The results showed that: ① Compared with group C, the other groups all showed typical chronic obstructive pathological changes in the lung tissue; their wet/dry weight ratio (W/D), TNF-α, JNK, and p-JNK levels increased (P < 0.05), and their interleukin (IL)-10 levels decreased (P < 0.05). ② Compared with group M, there was no significant change in the lung tissue indexes in group N (P > 0.05). ③ Compared with group N, the W/D, TNF-α, JNK, and p-JNK levels in group H decreased (P < 0.05), while the levels of IL-10 increased (P < 0.05).

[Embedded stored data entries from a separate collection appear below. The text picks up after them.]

Lemma stretch_gt k y u : 2^-1 < y u -> stretch k y u = 1 - k * (1 - y u).
Proof. by rewrite /stretch => h; rewrite h ltNge ltW. Qed.

Lemma stretch_eq k y u : y u = 2^-1 -> stretch k y u = 2^-1.
Proof. by rewrite /stretch => ->; rewrite ltxx. Qed.

Lemma half_round_half_integral y : half_integral (half_round y).
Proof.
move=> u; rewrite !inE; case: (ltgtP (y u) (2^-1)) => h.
- by rewrite half_round_lt ?eqxx.
- by rewrite half_round_gt ?eqxx ?orbT.
- by rewrite half_round_eq ?eqxx ?orbT.
Qed.

Lemma half_round_id y u : y u \in [:: 0; 2^-1; 1] -> half_round y u = y u.
Proof.
rewrite !inE => /or3P [] /eqP h; rewrite h.
- by rewrite half_round_lt // h; lra.
- exact: half_round_eq.
- by rewrite half_round_gt // h; lra.
Qed.

Lemma stretch_id k y u : y u \in [:: 0; 2^-1; 1] -> stretch k y u = y u.
Proof.
rewrite !inE => /or3P [] /eqP h; rewrite h.
- by rewrite stretch_lt h ?mulr0 //; lra.
- exact: stretch_eq.
- by rewrite stretch_gt h ?subrr ?mulr0 ?subr0 //; lra.
Qed.

Lemma half_round_off y u : y u != 2^-1 -> half_round y u = 0 \/ half_round y u = 1.
Proof.
case: (ltgtP (y u) (2^-1)) => // h _.
- by left; rewrite half_round_lt.
- by right; rewrite half_round_gt.
Qed.

Lemma half_round_feas y : lp_feas e N y -> lp_feas e N (half_round y).
Proof.
case=> hE [hB hF]; split; [|split].
- move=> u v /hE h.
  case: (ltgtP (y u) (2^-1)) => hu; case: (ltgtP (y v) (2^-1)) => hv;
  rewrite ?(half_round_lt hu) ?(half_round_eq hu) ?(half_round_gt hu)
          ?(half_round_lt hv) ?(half_round_eq hv) ?(half_round_gt hv); lra.
- move=> u; case: (ltgtP (y u) (2^-1)) => hu;
  rewrite ?(half_round_lt hu) ?(half_round_eq hu) ?(half_round_gt hu); lra.
- move=> v b /hF h; rewrite -h half_round_id // h !inE.
  by case: b {h} => /=; rewrite eqxx ?orbT.
Qed.

Lemma stretch_feas k y : 0 <= k ->
    (forall u, y u < 2^-1 -> k * y u <= 2^-1) ->
    (forall u, 2^-1 < y u -> k * (1 - y u) <= 2^-1) ->
  lp_feas e N y -> lp_feas e N (stretch k y).
Proof.
move=> k0 lo hi [hE [hB hF]]; split; [|split].
- move=> u v /hE h; have := hB u; have := hB v.
  case: (ltgtP (y u) (2^-1)) => hu; case: (ltgtP (y v) (2^-1)) => hv;
  rewrite ?(stretch_lt _ hu) ?(stretch_eq _ hu) ?(stretch_gt _ hu)
          ?(stretch_lt _ hv) ?(stretch_eq _ hv) ?(stretch_gt _ hv);
  try have := lo _ hu; try have := hi _ hu; try have := lo _ hv; try have := hi _ hv;
  nra.
- move=> u; have := hB u.
  case: (ltgtP (y u) (2^-1)) => hu;
  rewrite ?(stretch_lt _ hu) ?(stretch_eq _ hu) ?(stretch_gt _ hu);
  try have := lo _ hu; try have := hi _ hu; nra.
- move=> v b /hF h; rewrite -h stretch_id // h !inE.
  by case: b {h} => /=; rewrite eqxx ?orbT.
Qed.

Penehyclidine hydrochloride can alleviate the pulmonary inflammatory response in rats with COPD undergoing mechanical ventilation. The JNK/SAPK signaling pathway may be involved in this process.
盐酸戊乙奎醚是 M1 和 M3 受体的选择性拮抗剂。临床研究表明,它是一种治疗慢性阻塞性肺疾病(COPD)的潜在药物。本研究旨在评估盐酸戊乙奎醚对 COPD 大鼠机械通气时肺组织炎症反应的影响,并探讨 c-Jun N-末端激酶/应激激活蛋白激酶(JNK/SAPK)信号通路的作用。
将 8 周龄雄性 Sprague Dawley 大鼠每天暴露于香烟烟雾 30 分钟,持续两个月,并在第 1 天和第 30 天向气管内注射 200 μg 脂多糖。两个月后,大鼠随机分为对照组(C)、模型组(M)、模型+生理盐水组(N)和盐酸戊乙奎醚组(H),进行麻醉和机械通气。在 H 组中,静脉注射 1mg/kg 的盐酸戊乙奎醚。
结果显示:①与 C 组相比,其他组的肺组织均表现出典型的慢性阻塞性病理改变;其湿/干重比(W/D)、TNF-α、JNK 和 p-JNK 水平升高(P<0.05),白细胞介素(IL)-10 水平降低(P<0.05)。②与 M 组相比,N 组的肺组织指标无明显变化(P>0.05)。③与 N 组相比,H 组的 W/D、TNF-α、JNK 和 p-JNK 水平降低(P<0.05),而 IL-10 水平升高(P<0.05)。
盐酸戊乙奎醚可减轻 COPD 大鼠机械通气时的肺部炎症反应,JNK/SAPK 信号通路可能参与这一过程。